In his 14 years on the bench, Roberts has handled about a dozen antitrust matters, according to court filings. None went to trial.
Six involved private lawsuits alleging price fixing or other anti-competitive behavior against companies such as Fannie Mae, AstraZeneca Plc and ExxonMobil Corp.
Six involved reviewing settlements between the Justice Department and merging companies, including Republic Services Inc.’s $4.42 billion acquisition of Allied Waste Industries Inc. in 2008.
Schwartz, who represented Republic Services, said he staked out Roberts’s chambers in an attempt to secure a signature from the judge to allow the deal to be completed while the case was pending.
“I did impress upon Judge Roberts the importance of a ruling by year-end so the deal could close,” he said. “I was pleasantly surprised it didn’t take as long as I feared it might.”
Roberts then took six months to issue a final judgment after a third party objected to the settlement.
One case on which he moved quickly was the Federal Trade Commission’s 2010 lawsuit to block Laboratory Corp. of America’s proposed $57.5 million purchase of Westcliff Medical Laboratories Inc. Two days after the filing, he granted LabCorp’s request to send the case to California.
On July 16, Roberts will become chief judge of the Washington court, adding administrative duties. As chief, he’ll oversee the court’s budget, security, media and U.S. agency relations, as well as preside over the grand jury.
The chief judge traditionally doesn’t take new cases, though he keeps his existing docket, according to Sheldon Snook, administrative assistant to the chief judge.
Roberts, who declined to be interviewed on a matter involving a pending case, has struggled with a backlog of cases for more than a decade.
“It’s important to me that we decide cases fairly and correctly, as well as efficiently and quickly,” Roberts told the publication Legal Times in 2002 after it reported he was consistently the slowest judge on the court. “I have been a public servant most of my career, and I take seriously the obligation to resolve disputes fairly and promptly.”
Follow-up articles by the weekly newspaper in 2006, 2008 and 2009 reported that he continued to maintain the largest backlog of any judge on the court.
As of March 31, Roberts’s outstanding docket of 73 motions more than six months old and 51 civil cases pending for more than three years made him the slowest federal judge in Washington, according to Administrative Office of the U.S. Courts data. That’s 47 more motions and 21 more cases than the next slowest judge.
One was a motion to dismiss a civil case filed against Advantage Healthplan Inc. by a Washington-area hospital seeking reimbursements for emergency care of five patients. It took Roberts more than eight years to decide that the hospital could proceed with claims against the insurer regarding two patients it treated.

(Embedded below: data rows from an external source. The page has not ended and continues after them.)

Lemma cos_at_min_on_circle : exists p1 p2, p1^2 + p2^2 = r^2 /\
  forall q1 q2, q1^2 + q2^2 = r^2 -> cos_at p1 p2 <= cos_at q1 q2.
Proof.
  pose proof PI_RGT_0.
  destruct (continuity_ab_maj (fun t => - cos_at (r * cos t) (r * sin t)) 0 (2 * PI))
    as [M [HM _]]; [lra|intros; apply cos_at_on_circle_continuous|].
  exists (r * cos M), (r * sin M). split.
  - pose proof (sin2_cos2 M). unfold Rsqr in *. nra.
  - intros q1 q2 Hq. destruct (circle_polar r q1 q2 r_pos Hq) as [t [Ht [-> ->]]].
    specialize (HM t Ht). simpl in HM. lra.
Qed.

Lemma critical_point_normal p1 p2 :
  p1^2 + p2^2 = r^2 -> cross_at p1 p2 <> 0 ->
  (forall q1 q2, q1^2 + q2^2 = r^2 ->
     dot_at q1 q2 * Rabs (cross_at p1 p2) >= dot_at p1 p2 * Rabs (cross_at q1 q2)) ->
  p1 * normal2 p1 p2 - p2 * normal1 p1 p2 = 0.
Proof.
  intros Hp Hws Hmin.
  set (ws := cross_at p1 p2) in *. set (ds := dot_at p1 p2) in *.
  set (m := a1 * b2 - a2 * b1).
  set (c := p1 * normal2 p1 p2 - p2 * normal1 p1 p2).
  set (X := ws * (p1^2 + p2^2 + a1 * b1 + a2 * b2) - ds * m).
  set (c2 := p1 * (a1 - b1) - p2 * (b2 - a2)).
  (* [q t] is [p] rotated by the angle [2 atan t]. *)
  set (q1 t := ((1 - t^2) * p1 - 2 * t * p2) / (1 + t^2)).
  set (q2 t := ((1 - t^2) * p2 + 2 * t * p1) / (1 + t^2)).
  assert (Hden : forall t, 0 < 1 + t^2) by (intro t; pose proof (pow2_ge_0 t); lra).
  assert (Hq : forall t, q1 t ^ 2 + q2 t ^ 2 = r^2).
  { intro t. rewrite <- Hp. unfold q1, q2. field. specialize (Hden t). lra. }
  assert (Hcross : forall t, (1 + t^2) * (ws * cross_at (q1 t) (q2 t)) =
     ws^2 + (- 2 * ws * c2) * t + (ws * (2 * m - ws)) * t^2).
  { intro t. unfold q1, q2, c2, m, ws, cross_at. field. specialize (Hden t). lra. }
  assert (Hdot : forall t,
     (1 + t^2) * (ws * (dot_at (q1 t) (q2 t) * ws - ds * cross_at (q1 t) (q2 t))) =
     2 * (t * (ws * X * t - ws * c))).
  { intro t. unfold q1, q2, c, X, m, normal1, normal2, ws, ds, dot_at, cross_at.
    field. specialize (Hden t). lra. }
  destruct (quadratic_pos_near_0 (ws^2) (- 2 * ws * c2) (ws * (2 * m - ws)))
    as [delta [Hdelta Hpos]].
  { pose proof (sum_sqr_pos ws 0 (or_introl Hws)). lra. }
  assert (Hwsc : ws * c = 0).
  { apply (stationary_of_nonneg_near_0 (ws * X) _ delta Hdelta). intros t Ht.
    specialize (Hden t). specialize (Hpos t Ht). rewrite <- Hcross in Hpos.
    assert (Hsame : 0 < ws * cross_at (q1 t) (q2 t)) by nra.
    pose proof (mul_sub_nonneg_of_same_sign _ _ _ _ Hsame (Hmin _ _ (Hq t))) as HK.
    assert (HK' := Rmult_le_pos _ _ (Rlt_le _ _ Hden) HK).
    rewrite Hdot in HK'. lra. }
  apply Rmult_integral in Hwsc as [|]; [contradiction|assumption].
Qed.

Nationally, Roberts ranks seventh in the backlog of motions pending for more than half a year, according to court data.
By comparison, U.S. District Judge Ellen Huvelle, who presided over the government’s antitrust case against AT&T Inc.’s $39 billion bid for T-Mobile USA Inc., had no motions pending longer than six months and just one case on her docket longer than three years.

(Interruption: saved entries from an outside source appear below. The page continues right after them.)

(* The formal inverse of [F = yag_map m Psi] is [G(y) = \sum_q S_q(y)] with
   [S_q(y) = \sum_(|t| = q) t(y)]: a term of size [q] is [x] or a node [Psi_l] whose
   arguments have sizes forming a composition of [q], and by multilinearity this
   recursion says that [F(G(x y)) = x y] as a power series in [x].
   If [F] has a polynomial inverse of degree less than [q0], comparing coefficients of
   [x ^+ q] along the line [x y] gives [S_q = 0] for [q >= q0]. Conversely, if [S_q = 0]
   for [q >= q0], the truncation of [G] at order [m * q0] is a polynomial right inverse
   of [F]. It is also a left inverse: along a line [z x] the defect
   [e(z) = G(F(z x)) - z x] is a polynomial with [e(0) = 0] and [e = Phi(z x + e) - Phi(z x)],
   where [Phi = \sum_l Psi_l] has no terms of degree below two, so [e] is divisible by
   every power of [z]. Polynomials are compared through their values, which is where
   characteristic zero is used. *)

Lemma In_mem (T : eqType) (x : T) s : List.In x s <-> x \in s.
Proof.
elim: s => //= y s IH; rewrite inE; split.
  by case=> [->|/IH ->]; rewrite ?eqxx ?orbT.
by case/orP=> [/eqP->|/IH]; [left|right].
Qed.

Lemma NoDup_uniq (T : eqType) (s : seq T) : List.NoDup s <-> uniq s.
Proof.
elim: s => [|x s IH] /=; first by split=> // _; constructor.
split=> [nd|/andP[xs us]].
  inversion nd; subst; apply/andP; split; last exact/IH.
  by apply/negP => /In_mem.
by constructor; [move/In_mem; apply/negP | exact/IH].
Qed.

Fixpoint choices (X : Type) (L : nat -> seq X) (k : nat) : seq (seq X) :=
  if k is k'.+1 then [seq rcons c x | c <- choices L k', x <- L k'] else [:: [::]].

Lemma mem_choices (X : eqType) (x0 : X) (L : nat -> seq X) k c :
  reflect (size c = k /\ forall i, (i < k)%N -> nth x0 c i \in L i) (c \in choices L k).
Proof.
elim: k c => [|k IH] c /=.
  by rewrite inE; apply: (iffP eqP) => [->|[/size0nil]].
apply: (iffP allpairsP) => [[[c' x] /= [/IH[szc' Hc'] Hx ->]]|[]].
  rewrite size_rcons szc'; split=> // i; rewrite ltnS leq_eqVlt nth_rcons szc'.
  by case/orP=> [/eqP->|lt]; rewrite ?ltnn ?eqxx ?lt //; apply: Hc'.
case/lastP: c => // c x; rewrite size_rcons => -[szc] Hc; exists (c, x); split=> //=.
  apply/IH; split=> // i lt; have := Hc i (leqW lt).
  by rewrite nth_rcons szc lt.
by have := Hc k (leqnn _); rewrite nth_rcons szc ltnn eqxx.
Qed.

Lemma choices_uniq (X : eqType) (L : nat -> seq X) k :
  (forall i, uniq (L i)) -> uniq (choices L k).
Proof.
move=> uL; elim: k => //= k IH; apply: allpairs_uniq => // -[c x] [c' x'] _ _.
exact: rcons_inj.
Qed.

Lemma nth_le_sumn (s : seq nat) i : (nth 0 s i <= sumn s)%N.
Proof. by elim: s i => [|x s IH] [|i] //=; rewrite ?leq_addr // (leq_trans (IH i)) ?leq_addl. Qed.

Lemma nth_lt_sumn (s : seq nat) i : (1 < size s)%N ->
  (forall j, (j < size s)%N -> (0 < nth 0 s j)%N) -> (i < size s)%N -> (nth 0 s i < sumn s)%N.
Proof.
case: s => [|x [|y s]] //= _ pos.
have /= x_gt0 := pos 0%N isT; have /= y_gt0 := pos 1%N isT.
case: i => [|i] _ /=; first by rewrite -addn1 leq_add2l (leq_trans y_gt0) ?leq_addr.
by rewrite -add1n leq_add // (nth_le_sumn (y :: s) i).
Qed.

Lemma sumn_le_size_mul (s : seq nat) b : (forall i, (i < size s)%N -> (nth 0%N s i < b)%N) ->
  (sumn s <= size s * b)%N.
Proof.
elim: s => //= x s IH lt_sb; rewrite mulSn leq_add //; first exact: ltnW (lt_sb 0%N isT).
by apply: IH => i; apply: (lt_sb i.+1).
Qed.

Lemma big_pred1_uniq (I : eqType) (V : nmodType) (r : seq I) k (F : I -> V) :
  uniq r -> \sum_(i <- r | i == k) F i = if k \in r then F k else 0.
Proof.
move=> ur; case: ifP => [kr|kr]; last by rewrite big1_seq // => i /andP[/eqP-> ]; rewrite kr.
by rewrite -big_filter (eq_filter (_ : _ =1 pred1 k)) // filter_pred1_uniq // big_seq1.
Qed.

Lemma prod_expr_nth (R : comNzRingType) (x : R) (c : seq nat) :
  \prod_(0 <= i < size c) x ^+ nth 0%N c i = x ^+ sumn c.
Proof. by rewrite sumnE -prodrXr [RHS](big_nth 0%N). Qed.

Lemma addr_subr_eq (V : zmodType) (a e A B : V) : a + e - A = a - B -> e = A - B.
Proof. by move/eqP; rewrite subr_eq -addrA => /eqP/addrI->; rewrite addrC. Qed.

Lemma pchar0_natr_inj (K : fieldType) : [pchar K] =i pred0 -> injective (fun k : nat => k%:R : K).
Proof.
move=> /pcharf0P K0 i j eq_ij.
have le_eq a b : (a <= b)%N -> a%:R = b%:R :> K -> (b <= a)%N.
  by move=> le_ab /eqP; rewrite eq_sym -subr_eq0 -natrB // K0 subn_eq0.
apply/eqP; rewrite eqn_leq; case/orP: (leq_total i j) => le.
  by rewrite le le_eq.
by rewrite le (le_eq j i).
Qed.

Lemma pchar0_poly_horner_inj (K : fieldType) (p q : {poly K}) :
  [pchar K] =i pred0 -> (forall x, p.[x] = q.[x]) -> p = q.
Proof.
move=> K0 eq_pq; apply/eqP; rewrite -subr_eq0; apply/negPn/negP => nz_pq.
have roots : all (root (p - q)) [seq i%:R | i <- iota 0 (size (p - q))].
  by apply/allP => x /mapP[i _ ->]; rewrite /root hornerD hornerN eq_pq subrr.
have := max_poly_roots nz_pq roots.
rewrite map_inj_uniq ?iota_uniq ?size_map ?size_iota ?ltnn.
  by move/(_ isT).
exact: pchar0_natr_inj.
Qed.

Lemma dvdp_sum (K : fieldType) (I : Type) (r : seq I) (P : pred I) (F : I -> {poly K}) d :
  (forall i, P i -> d %| F i) -> d %| \sum_(i <- r | P i) F i.
Proof. by move=> dvdF; apply: (big_ind (fun p => d %| p)); [apply: dvdp0 | apply: dvdp_add |]. Qed.

Lemma dvdp_Xn_prod (K : fieldType) (a : nat -> {poly K}) l :
  (forall i, 'X %| a i) -> 'X^l %| \prod_(0 <= i < l) a i.
Proof.
move=> dvdXa; elim: l => [|l IH]; first by rewrite big_nil expr0 dvd1p.
by rewrite big_nat_recr //= exprS mulrC; apply: dvdp_mul.
Qed.

Lemma dvdp_Xn_prodB (K : fieldType) (a b : nat -> {poly K}) k l : (0 < k)%N ->
    (forall i, 'X %| b i) -> (forall i, 'X^k %| a i - b i) ->
  'X^(k + l) %| \prod_(0 <= i < l.+1) a i - \prod_(0 <= i < l.+1) b i.
Proof.
move=> k_gt0 dvdXb dvdXab.
have dvdXa i : 'X %| a i.
  rewrite -(subrK (b i) (a i)); apply: dvdp_add (dvdXb i).
  by apply: dvdp_trans (dvdXab i); rewrite -{1}(expr1 'X) dvdp_exp2l.
elim: l => [|l IH]; first by rewrite !big_nat1 addn0.
rewrite big_nat_recr // [X in _ - X]big_nat_recr //=.
set A := \prod_(0 <= i < l.+1) a i; set B := \prod_(0 <= i < l.+1) b i.
rewrite (_ : A * a l.+1 - B * b l.+1 = A * (a l.+1 - b l.+1) + (A - B) * b l.+1); last first.
  by rewrite mulrBr mulrBl addrA subrK.
apply: dvdp_add; last by rewrite addnS exprS mulrC; apply: dvdp_mul.
by rewrite addnC exprD; apply: dvdp_mul; [apply: dvdp_Xn_prod | apply: dvdXab].
Qed.

Section CongruenceModX.
Variable K : fieldType.
Implicit Types a b : {poly K}.

Definition eqmodX k a b := 'X^k %| a - b.

Lemma eqmodXxx k a : eqmodX k a a.
Proof. by rewrite /eqmodX subrr dvdp0. Qed.

Lemma eqmodXD k a a' b b' : eqmodX k a a' -> eqmodX k b b' -> eqmodX k (a + b) (a' + b').
Proof. by move=> eq_a eq_b; rewrite /eqmodX opprD addrACA; apply: dvdp_add. Qed.

Lemma eqmodXM k a a' b b' : eqmodX k a a' -> eqmodX k b b' -> eqmodX k (a * b) (a' * b').
Proof.
move=> eq_a eq_b; rewrite /eqmodX (_ : a * b - a' * b' = a * (b - b') + (a - a') * b').
  by apply: dvdp_add; [apply: dvdp_mull | apply: dvdp_mulr].
by rewrite mulrBr mulrBl addrA subrK.
Qed.

Lemma eqmodX_sum k (I : Type) (r : seq I) (F G : I -> {poly K}) :
  (forall i, eqmodX k (F i) (G i)) -> eqmodX k (\sum_(i <- r) F i) (\sum_(i <- r) G i).
Proof.
move=> eqFG; elim: r => [|i r IH]; first by rewrite !big_nil eqmodXxx.
by rewrite !big_cons eqmodXD.
Qed.

Lemma eqmodX_prod k (I : Type) (r : seq I) (F G : I -> {poly K}) :
  (forall i, eqmodX k (F i) (G i)) -> eqmodX k (\prod_(i <- r) F i) (\prod_(i <- r) G i).
Proof.
move=> eqFG; elim: r => [|i r IH]; first by rewrite !big_nil eqmodXxx.
by rewrite !big_cons eqmodXM.
Qed.

Lemma eqmodXX k a b e : eqmodX k a b -> eqmodX k (a ^+ e) (b ^+ e).
Proof.
by move=> eq_ab; elim: e => [|e IH]; rewrite ?eqmodXxx // !exprS eqmodXM.
Qed.

Lemma eqmodX_coef k a b i : eqmodX k a b -> (i < k)%N -> a`_i = b`_i.
Proof.
by case/dvdpP=> c /eqP; rewrite subr_eq => /eqP-> lt_ik; rewrite coefD coefMXn lt_ik add0r.
Qed.

Lemma dvdp_Xn_eq0 a : (forall k, 'X^k %| a) -> a = 0.
Proof.
move=> dvdXa; apply/eqP/negPn/negP => /dvdp_leq/(_ (dvdXa (size a))).
by rewrite size_polyXn ltnn.
Qed.

Variable n : nat.
Implicit Types (P : {mpoly K[n]}) (u v : 'I_n -> {poly K}).

Lemma horner_mmap P u x : (mmap (@polyC K) u P).[x] = P.@[fun i => (u i).[x]].
Proof.
rewrite mevalE horner_sum; apply: eq_bigr => m _.
by rewrite hornerM hornerC horner_prod; congr (_ * _); apply: eq_bigr => i _; rewrite horner_exp.
Qed.

Lemma eqmodX_mmap k P u v : (forall i, eqmodX k (u i) (v i)) ->
  eqmodX k (mmap (@polyC K) u P) (mmap (@polyC K) v P).
Proof.
move=> eq_uv; apply: eqmodX_sum => m; apply: eqmodXM; first exact: eqmodXxx.
by apply: eqmodX_prod => i; apply: eqmodXX.
Qed.

(* [msize P] is one more than the total degree of [P]. *)
Lemma coef_mmap_line P (y : 'I_n -> K) q : (msize P <= q)%N ->
  (mmap (@polyC K) (fun i => y i *: 'X) P)`_q = 0.
Proof.
move=> le_Pq; rewrite coef_sum big1_seq // => m /= /msize_mdeg_lt; rewrite mdegE => lt_mP.
rewrite /mmap1 (eq_bigr (fun i => y i ^+ m i *: 'X ^+ m i)) => [|i _]; last by rewrite exprZn.
rewrite scaler_prod prodrXr coefCM coefZ coefXn.
rewrite (_ : (q == _) = false) ?mulr0 //.
by apply/negbTE; rewrite neq_ltn (leq_trans lt_mP le_Pq) orbT.
Qed.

In the AT&T lawsuit, Huvelle sometimes made daily decisions in an attempt to get the case to a trial in six months. Within a week of the suit being filed, Huvelle had held a telephone conference with the parties and scheduled a hearing where she ordered both sides to be ready to talk about settlement prospects.
At the end of last week, AB InBev and the Justice Department jointly asked for a scheduling conference on Feb. 15 or as “soon thereafter as the court’s docket permits.”
Today, Roberts, saying AB InBev hadn’t responded to the government’s lawsuit yet, denied the request for the session. He didn’t set any new date or deadlines.
The case is U.S. v. Anheuser-Busch InBev NV, 13-cv-00127, U.S. District Court, District of Columbia (Washington).